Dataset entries
# # # # # # #

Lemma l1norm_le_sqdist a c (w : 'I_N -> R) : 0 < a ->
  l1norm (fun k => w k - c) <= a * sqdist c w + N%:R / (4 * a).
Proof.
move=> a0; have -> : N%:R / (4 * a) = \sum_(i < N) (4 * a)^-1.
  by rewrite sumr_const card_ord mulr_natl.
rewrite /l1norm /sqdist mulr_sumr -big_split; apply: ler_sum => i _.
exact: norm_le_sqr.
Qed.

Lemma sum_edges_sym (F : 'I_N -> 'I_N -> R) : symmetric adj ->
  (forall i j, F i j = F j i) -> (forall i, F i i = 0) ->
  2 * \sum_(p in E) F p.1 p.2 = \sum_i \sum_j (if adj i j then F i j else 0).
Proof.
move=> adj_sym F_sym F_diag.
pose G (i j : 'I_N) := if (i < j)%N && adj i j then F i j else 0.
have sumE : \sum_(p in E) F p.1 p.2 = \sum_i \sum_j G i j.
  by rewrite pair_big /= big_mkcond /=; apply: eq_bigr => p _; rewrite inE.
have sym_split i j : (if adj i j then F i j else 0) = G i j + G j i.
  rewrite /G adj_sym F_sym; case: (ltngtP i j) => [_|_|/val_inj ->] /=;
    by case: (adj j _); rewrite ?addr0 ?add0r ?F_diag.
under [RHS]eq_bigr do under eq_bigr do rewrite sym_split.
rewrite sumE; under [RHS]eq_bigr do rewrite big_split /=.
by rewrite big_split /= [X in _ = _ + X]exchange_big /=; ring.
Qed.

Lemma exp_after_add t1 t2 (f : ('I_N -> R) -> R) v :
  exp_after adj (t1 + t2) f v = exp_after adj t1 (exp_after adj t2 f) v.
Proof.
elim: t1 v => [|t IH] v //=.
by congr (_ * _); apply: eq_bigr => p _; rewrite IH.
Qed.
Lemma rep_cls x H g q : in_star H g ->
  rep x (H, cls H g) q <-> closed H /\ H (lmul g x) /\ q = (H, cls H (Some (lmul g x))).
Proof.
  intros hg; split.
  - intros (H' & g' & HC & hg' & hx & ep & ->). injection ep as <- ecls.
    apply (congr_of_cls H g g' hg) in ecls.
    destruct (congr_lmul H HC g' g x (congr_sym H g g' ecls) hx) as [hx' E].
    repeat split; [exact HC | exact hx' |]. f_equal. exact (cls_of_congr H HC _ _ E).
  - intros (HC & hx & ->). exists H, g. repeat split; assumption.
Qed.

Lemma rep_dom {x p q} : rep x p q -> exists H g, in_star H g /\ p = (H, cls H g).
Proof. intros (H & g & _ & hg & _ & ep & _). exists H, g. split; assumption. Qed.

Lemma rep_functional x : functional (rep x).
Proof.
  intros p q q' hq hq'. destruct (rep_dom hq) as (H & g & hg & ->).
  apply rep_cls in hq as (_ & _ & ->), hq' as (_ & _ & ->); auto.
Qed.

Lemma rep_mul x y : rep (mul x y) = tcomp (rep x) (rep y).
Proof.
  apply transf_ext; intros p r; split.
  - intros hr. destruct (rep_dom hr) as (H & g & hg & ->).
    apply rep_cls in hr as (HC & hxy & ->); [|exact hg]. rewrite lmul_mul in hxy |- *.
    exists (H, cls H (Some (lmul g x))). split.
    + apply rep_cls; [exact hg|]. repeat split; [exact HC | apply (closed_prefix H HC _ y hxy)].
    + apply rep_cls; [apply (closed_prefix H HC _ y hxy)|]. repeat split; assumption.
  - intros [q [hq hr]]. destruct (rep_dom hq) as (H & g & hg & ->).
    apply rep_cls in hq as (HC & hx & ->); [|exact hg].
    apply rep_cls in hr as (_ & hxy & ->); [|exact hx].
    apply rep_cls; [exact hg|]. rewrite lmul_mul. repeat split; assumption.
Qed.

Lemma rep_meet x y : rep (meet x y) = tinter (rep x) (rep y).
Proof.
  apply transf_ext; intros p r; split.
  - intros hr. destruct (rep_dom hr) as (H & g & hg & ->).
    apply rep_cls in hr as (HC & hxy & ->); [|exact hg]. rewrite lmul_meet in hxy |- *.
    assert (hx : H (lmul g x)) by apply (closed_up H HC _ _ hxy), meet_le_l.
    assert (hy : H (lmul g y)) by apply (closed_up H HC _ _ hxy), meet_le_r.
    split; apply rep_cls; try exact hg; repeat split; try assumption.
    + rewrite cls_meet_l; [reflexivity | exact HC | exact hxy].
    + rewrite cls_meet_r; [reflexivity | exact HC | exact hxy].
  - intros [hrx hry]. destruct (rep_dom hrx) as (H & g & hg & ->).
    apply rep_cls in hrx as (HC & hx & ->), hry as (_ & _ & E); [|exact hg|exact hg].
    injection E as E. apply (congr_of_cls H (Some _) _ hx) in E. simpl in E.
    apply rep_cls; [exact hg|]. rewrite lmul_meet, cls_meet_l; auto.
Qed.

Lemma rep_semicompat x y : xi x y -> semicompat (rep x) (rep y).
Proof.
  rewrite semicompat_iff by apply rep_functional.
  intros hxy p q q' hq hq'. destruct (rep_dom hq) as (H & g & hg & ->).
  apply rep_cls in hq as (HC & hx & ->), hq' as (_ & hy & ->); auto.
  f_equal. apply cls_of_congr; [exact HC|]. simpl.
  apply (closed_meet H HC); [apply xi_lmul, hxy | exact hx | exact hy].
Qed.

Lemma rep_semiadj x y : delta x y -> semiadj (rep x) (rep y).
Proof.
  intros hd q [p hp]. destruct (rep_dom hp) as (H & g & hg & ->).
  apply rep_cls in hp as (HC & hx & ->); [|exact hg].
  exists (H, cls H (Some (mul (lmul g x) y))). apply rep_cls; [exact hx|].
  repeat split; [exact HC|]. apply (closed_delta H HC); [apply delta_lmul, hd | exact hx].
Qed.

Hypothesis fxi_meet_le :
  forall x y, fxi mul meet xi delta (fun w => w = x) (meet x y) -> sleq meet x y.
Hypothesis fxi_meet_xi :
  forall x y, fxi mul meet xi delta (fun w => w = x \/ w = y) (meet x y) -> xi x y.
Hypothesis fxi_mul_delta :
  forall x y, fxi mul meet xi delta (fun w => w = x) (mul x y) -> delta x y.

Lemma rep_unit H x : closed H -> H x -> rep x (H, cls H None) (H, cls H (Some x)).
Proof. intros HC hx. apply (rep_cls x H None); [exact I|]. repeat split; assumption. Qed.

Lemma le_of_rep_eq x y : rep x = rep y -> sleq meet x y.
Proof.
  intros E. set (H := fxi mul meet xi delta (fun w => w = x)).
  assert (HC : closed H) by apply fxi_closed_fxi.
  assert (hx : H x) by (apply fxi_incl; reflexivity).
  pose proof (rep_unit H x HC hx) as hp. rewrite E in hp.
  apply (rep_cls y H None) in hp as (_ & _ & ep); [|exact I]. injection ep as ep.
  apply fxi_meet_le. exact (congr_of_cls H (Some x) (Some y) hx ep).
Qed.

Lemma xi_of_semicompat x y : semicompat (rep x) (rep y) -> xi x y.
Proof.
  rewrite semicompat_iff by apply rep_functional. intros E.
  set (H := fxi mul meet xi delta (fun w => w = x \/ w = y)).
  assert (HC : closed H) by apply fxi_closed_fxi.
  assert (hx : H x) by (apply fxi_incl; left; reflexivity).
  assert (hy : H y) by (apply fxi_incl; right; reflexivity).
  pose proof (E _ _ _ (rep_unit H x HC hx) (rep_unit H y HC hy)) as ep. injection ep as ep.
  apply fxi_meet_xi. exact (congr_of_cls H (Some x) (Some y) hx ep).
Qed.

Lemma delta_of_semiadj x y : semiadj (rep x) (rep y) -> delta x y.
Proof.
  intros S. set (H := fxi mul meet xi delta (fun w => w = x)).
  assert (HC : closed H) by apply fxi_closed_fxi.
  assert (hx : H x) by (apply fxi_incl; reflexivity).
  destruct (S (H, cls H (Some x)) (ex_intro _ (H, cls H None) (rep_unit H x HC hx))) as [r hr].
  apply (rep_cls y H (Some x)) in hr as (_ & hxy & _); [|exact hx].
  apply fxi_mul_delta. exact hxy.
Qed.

# # # # # # #

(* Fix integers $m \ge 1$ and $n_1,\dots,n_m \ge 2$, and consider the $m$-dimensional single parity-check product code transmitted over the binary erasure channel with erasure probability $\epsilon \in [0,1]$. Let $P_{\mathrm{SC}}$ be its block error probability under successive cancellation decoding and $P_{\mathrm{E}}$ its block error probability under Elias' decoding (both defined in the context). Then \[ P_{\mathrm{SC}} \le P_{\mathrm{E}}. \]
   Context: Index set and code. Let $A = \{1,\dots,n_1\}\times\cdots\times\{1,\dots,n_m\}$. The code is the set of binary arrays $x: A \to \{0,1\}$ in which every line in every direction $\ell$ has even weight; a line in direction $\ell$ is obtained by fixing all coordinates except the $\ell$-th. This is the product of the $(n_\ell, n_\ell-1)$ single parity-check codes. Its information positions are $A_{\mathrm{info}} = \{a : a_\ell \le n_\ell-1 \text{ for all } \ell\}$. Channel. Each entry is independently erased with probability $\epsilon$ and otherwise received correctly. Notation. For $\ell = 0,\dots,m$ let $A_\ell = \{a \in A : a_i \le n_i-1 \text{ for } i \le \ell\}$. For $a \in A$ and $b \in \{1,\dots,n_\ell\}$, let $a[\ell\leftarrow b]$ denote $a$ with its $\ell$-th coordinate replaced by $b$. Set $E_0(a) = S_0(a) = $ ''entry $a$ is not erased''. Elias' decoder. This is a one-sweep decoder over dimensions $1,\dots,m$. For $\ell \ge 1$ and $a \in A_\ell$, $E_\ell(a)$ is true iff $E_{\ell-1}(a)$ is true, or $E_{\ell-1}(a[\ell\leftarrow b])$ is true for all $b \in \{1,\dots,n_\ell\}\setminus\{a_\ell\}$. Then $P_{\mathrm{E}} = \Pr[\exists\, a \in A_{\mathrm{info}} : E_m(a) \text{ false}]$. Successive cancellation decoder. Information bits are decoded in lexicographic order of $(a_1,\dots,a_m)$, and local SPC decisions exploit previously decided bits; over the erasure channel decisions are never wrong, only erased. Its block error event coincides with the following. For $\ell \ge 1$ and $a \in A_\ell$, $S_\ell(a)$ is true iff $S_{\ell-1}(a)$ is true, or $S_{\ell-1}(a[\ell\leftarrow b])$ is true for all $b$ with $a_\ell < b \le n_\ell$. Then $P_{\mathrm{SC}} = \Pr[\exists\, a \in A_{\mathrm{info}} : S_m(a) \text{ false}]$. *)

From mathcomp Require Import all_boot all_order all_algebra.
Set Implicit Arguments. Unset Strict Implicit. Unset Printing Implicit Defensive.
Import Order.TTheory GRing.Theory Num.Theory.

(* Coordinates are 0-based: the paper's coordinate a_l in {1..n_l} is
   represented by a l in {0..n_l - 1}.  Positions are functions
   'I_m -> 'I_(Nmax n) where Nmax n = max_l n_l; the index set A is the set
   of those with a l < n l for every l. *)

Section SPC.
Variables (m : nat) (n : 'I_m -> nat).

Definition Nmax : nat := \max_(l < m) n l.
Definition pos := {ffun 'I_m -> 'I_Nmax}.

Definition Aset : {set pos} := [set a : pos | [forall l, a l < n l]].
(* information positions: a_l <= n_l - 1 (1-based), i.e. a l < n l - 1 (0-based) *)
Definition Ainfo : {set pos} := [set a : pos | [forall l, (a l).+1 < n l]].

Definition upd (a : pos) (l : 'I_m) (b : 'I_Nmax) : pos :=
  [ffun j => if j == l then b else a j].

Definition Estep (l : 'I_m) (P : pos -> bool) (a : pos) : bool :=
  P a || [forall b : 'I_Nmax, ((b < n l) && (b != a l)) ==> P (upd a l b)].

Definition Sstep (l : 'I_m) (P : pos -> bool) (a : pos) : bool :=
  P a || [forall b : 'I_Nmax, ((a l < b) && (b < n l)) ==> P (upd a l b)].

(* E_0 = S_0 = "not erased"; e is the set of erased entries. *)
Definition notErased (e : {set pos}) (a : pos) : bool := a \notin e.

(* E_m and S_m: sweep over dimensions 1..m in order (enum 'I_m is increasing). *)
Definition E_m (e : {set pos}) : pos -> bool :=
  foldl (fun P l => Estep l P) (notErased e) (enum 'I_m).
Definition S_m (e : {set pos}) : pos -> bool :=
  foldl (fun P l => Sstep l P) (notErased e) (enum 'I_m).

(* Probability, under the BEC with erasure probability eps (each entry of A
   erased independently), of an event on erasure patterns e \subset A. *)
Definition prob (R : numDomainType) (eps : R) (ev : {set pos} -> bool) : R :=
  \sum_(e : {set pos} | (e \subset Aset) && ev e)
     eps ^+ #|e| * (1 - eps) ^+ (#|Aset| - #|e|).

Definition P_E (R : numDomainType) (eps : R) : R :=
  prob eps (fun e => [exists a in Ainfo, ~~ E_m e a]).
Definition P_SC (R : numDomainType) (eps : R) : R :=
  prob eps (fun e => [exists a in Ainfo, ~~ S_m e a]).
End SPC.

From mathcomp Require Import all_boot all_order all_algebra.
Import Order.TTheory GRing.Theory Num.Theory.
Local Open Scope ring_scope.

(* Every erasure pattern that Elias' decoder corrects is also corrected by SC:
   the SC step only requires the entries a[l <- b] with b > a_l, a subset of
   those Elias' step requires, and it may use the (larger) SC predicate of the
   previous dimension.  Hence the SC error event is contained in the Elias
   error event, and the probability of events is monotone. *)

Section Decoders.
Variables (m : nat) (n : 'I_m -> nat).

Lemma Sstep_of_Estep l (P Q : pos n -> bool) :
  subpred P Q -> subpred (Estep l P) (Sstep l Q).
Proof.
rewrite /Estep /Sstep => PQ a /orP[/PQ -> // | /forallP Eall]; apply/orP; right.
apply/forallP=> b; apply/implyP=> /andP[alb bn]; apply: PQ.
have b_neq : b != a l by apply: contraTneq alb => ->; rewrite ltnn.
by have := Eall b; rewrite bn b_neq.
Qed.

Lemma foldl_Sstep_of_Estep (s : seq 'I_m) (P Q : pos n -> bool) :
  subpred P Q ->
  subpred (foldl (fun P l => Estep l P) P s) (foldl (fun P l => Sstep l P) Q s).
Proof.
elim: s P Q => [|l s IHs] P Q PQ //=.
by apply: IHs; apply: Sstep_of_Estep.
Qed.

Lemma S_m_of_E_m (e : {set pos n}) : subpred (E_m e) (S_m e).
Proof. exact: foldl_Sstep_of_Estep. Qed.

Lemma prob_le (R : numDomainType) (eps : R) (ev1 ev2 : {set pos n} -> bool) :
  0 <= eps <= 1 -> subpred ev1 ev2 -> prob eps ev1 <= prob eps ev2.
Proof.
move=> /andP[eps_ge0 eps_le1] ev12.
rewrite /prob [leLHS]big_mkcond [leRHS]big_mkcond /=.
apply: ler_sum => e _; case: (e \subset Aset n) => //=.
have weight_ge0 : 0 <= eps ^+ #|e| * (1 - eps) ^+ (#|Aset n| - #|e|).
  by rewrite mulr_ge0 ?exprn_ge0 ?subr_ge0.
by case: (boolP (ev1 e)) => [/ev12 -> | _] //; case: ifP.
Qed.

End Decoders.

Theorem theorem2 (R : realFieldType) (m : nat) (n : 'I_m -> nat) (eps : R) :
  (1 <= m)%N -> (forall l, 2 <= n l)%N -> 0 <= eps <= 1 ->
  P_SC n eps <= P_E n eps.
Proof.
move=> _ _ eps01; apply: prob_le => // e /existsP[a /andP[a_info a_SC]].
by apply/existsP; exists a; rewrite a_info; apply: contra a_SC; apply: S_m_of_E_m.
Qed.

# # # # # # #

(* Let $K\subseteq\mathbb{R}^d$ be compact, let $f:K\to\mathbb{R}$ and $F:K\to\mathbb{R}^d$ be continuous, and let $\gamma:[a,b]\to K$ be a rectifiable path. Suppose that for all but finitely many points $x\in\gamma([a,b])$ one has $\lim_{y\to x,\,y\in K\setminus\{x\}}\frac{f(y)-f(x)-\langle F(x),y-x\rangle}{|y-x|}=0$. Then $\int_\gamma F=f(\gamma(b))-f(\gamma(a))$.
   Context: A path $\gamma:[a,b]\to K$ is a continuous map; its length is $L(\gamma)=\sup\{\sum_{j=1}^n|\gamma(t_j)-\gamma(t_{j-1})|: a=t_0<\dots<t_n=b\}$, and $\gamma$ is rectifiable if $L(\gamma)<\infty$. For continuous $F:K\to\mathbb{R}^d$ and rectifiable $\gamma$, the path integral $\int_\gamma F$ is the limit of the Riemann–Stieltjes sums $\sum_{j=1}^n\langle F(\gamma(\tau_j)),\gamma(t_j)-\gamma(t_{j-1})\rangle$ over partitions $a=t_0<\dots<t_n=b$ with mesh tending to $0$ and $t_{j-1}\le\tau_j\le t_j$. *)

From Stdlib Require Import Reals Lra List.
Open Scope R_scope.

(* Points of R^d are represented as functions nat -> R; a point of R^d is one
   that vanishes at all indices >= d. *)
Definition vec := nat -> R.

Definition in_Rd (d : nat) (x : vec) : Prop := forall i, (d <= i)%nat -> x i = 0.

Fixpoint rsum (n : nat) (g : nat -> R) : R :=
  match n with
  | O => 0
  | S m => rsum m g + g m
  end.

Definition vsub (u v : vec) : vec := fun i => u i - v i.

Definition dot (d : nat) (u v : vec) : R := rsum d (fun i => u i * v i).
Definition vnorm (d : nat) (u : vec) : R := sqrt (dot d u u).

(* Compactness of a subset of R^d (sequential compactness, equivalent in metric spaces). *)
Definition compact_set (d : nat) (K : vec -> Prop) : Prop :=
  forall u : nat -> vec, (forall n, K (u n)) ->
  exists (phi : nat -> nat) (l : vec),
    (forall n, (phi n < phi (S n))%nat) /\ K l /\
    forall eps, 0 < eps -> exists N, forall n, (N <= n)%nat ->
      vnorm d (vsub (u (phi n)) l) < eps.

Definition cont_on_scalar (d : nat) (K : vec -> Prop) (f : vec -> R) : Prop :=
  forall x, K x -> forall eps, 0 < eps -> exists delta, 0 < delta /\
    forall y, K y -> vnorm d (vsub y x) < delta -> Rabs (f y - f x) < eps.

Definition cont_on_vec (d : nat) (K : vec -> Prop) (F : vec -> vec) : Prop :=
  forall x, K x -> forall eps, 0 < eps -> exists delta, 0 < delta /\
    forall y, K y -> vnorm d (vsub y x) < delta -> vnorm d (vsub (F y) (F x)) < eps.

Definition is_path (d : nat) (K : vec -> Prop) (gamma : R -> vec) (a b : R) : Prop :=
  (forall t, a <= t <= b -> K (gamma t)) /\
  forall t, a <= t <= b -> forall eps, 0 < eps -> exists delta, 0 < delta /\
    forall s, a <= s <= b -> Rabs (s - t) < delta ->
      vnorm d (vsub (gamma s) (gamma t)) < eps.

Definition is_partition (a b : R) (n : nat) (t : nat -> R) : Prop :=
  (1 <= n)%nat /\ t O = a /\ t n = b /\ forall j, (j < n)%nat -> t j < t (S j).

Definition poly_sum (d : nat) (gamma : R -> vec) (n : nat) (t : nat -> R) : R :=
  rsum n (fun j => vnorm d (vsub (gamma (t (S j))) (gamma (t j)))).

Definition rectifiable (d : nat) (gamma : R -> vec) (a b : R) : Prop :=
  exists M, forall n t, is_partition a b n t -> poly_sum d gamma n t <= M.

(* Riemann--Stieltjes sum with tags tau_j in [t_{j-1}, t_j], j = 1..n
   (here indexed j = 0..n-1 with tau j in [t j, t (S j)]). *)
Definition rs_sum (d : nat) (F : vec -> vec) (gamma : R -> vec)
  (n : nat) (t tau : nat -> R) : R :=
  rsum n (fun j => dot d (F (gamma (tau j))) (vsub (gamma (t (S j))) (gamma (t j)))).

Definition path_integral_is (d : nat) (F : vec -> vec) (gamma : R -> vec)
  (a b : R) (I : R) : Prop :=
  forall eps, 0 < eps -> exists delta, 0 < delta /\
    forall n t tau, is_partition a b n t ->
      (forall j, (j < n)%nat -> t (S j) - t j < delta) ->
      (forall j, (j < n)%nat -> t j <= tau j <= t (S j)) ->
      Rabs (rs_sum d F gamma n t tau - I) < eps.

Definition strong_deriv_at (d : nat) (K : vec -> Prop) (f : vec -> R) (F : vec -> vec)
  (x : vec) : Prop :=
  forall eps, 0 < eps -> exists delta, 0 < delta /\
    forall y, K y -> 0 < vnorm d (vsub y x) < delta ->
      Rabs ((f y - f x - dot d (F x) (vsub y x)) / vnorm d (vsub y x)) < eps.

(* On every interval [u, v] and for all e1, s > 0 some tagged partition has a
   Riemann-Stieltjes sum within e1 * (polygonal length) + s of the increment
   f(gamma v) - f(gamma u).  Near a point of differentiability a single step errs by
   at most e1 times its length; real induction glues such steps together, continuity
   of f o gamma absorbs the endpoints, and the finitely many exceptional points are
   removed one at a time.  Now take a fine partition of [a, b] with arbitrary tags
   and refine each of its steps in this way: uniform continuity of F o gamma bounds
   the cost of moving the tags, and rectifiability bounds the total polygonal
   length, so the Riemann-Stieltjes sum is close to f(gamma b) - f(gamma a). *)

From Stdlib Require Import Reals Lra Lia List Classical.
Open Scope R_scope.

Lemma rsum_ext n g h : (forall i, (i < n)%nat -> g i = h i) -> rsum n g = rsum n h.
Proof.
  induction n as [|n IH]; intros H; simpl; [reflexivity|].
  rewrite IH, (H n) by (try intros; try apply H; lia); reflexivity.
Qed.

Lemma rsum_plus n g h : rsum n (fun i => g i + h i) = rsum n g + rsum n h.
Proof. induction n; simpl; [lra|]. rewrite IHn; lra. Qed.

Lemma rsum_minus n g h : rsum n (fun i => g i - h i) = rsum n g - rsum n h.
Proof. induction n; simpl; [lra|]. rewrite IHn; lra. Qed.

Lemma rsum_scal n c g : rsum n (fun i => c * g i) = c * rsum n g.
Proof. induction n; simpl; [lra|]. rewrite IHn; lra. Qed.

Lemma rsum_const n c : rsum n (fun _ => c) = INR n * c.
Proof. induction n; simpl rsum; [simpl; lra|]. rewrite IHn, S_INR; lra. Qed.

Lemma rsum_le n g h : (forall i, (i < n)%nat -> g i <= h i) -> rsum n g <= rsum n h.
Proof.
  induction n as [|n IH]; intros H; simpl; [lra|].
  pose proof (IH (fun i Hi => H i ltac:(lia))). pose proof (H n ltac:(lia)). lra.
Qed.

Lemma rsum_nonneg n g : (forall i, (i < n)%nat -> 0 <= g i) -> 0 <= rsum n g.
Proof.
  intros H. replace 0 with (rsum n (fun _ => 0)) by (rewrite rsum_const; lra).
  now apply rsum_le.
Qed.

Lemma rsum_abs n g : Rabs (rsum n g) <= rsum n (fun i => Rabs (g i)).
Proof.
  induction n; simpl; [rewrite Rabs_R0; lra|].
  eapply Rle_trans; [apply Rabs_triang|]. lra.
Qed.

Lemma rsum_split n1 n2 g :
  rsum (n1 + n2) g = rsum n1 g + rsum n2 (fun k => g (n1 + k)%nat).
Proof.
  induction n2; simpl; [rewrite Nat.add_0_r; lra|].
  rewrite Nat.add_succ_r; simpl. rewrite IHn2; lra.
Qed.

# # # # # # #

• _WHAT NEEDS TO BE DONE_
Beginning at the line above with "P a || [forall b : 'I_Nmax, ((b" and finishing at the line with "(* E_m and S_m: sweep", return each line exactly and return nothing else.

• _COMPLETED TASK_
  P a || [forall b : 'I_Nmax, ((b < n l) && (b != a l)) ==> P (upd a l b)].

Definition Sstep (l : 'I_m) (P : pos -> bool) (a : pos) : bool :=
  P a || [forall b : 'I_Nmax, ((a l < b) && (b < n l)) ==> P (upd a l b)].

(* E_0 = S_0 = "not erased"; e is the set of erased entries. *)
Definition notErased (e : {set pos}) (a : pos) : bool := a \notin e.

(* E_m and S_m: sweep over dimensions 1..m in order (enum 'I_m is increasing). *)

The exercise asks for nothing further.